**ABOUT THIS EXERCISE**:
In the listing that follows, the range to quote begins at the line that has "Definition quarter_turn (a" and ends after the line that has "Lemma quarter_turn_anti a"; quote it verbatim and add nothing.

[RECORDS SHOWN]

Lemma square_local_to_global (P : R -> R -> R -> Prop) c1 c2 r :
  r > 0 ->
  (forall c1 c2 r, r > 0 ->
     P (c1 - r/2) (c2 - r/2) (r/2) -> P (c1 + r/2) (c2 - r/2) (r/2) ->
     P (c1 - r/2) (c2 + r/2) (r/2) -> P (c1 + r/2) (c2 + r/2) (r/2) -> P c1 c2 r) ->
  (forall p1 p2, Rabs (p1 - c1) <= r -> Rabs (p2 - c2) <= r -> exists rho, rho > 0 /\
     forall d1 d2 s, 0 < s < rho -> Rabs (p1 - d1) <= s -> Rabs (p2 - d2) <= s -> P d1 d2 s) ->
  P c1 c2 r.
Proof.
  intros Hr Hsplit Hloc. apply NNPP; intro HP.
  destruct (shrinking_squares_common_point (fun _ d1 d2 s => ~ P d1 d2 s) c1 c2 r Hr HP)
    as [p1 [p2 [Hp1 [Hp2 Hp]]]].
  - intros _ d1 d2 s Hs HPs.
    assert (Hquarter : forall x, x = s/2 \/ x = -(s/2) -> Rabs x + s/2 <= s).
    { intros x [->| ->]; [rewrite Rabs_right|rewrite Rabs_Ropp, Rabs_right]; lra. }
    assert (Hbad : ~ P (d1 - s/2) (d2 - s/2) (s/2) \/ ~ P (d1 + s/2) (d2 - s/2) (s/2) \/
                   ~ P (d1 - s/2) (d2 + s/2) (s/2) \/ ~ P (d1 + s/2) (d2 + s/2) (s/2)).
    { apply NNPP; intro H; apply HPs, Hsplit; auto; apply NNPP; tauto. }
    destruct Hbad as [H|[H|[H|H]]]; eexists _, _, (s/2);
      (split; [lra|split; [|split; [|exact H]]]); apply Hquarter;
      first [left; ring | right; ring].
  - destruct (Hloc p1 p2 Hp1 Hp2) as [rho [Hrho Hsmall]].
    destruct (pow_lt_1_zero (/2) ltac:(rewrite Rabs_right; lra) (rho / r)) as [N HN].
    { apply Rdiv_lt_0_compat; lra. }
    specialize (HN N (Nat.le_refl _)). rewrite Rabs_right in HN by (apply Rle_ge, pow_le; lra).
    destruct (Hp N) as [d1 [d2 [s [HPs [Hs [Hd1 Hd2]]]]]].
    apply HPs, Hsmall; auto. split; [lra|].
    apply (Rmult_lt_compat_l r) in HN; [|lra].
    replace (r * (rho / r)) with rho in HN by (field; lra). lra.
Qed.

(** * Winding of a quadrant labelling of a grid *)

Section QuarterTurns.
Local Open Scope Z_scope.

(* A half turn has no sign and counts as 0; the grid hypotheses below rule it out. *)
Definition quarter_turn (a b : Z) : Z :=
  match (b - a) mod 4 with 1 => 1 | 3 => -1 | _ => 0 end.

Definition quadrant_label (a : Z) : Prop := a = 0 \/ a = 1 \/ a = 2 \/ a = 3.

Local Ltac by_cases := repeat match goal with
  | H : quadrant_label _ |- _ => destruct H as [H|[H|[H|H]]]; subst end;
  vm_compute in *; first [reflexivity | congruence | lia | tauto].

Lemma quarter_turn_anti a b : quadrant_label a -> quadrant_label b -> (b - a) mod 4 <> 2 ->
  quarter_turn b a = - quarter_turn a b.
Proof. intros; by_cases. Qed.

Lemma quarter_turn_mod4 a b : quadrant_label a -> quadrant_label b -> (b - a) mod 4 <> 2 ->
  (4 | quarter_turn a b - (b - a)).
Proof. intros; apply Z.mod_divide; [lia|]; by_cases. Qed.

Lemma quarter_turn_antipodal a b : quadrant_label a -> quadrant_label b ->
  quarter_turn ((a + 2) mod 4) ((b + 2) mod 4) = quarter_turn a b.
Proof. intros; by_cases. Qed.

[/RECORDS SHOWN]

**YOUR RESPONSE**:
Definition quarter_turn (a b : Z) : Z :=
  match (b - a) mod 4 with 1 => 1 | 3 => -1 | _ => 0 end.

Definition quadrant_label (a : Z) : Prop := a = 0 \/ a = 1 \/ a = 2 \/ a = 3.

Local Ltac by_cases := repeat match goal with
  | H : quadrant_label _ |- _ => destruct H as [H|[H|[H|H]]]; subst end;
  vm_compute in *; first [reflexivity | congruence | lia | tauto].

Lemma quarter_turn_anti a b : quadrant_label a -> quadrant_label b -> (b - a) mod 4 <> 2 ->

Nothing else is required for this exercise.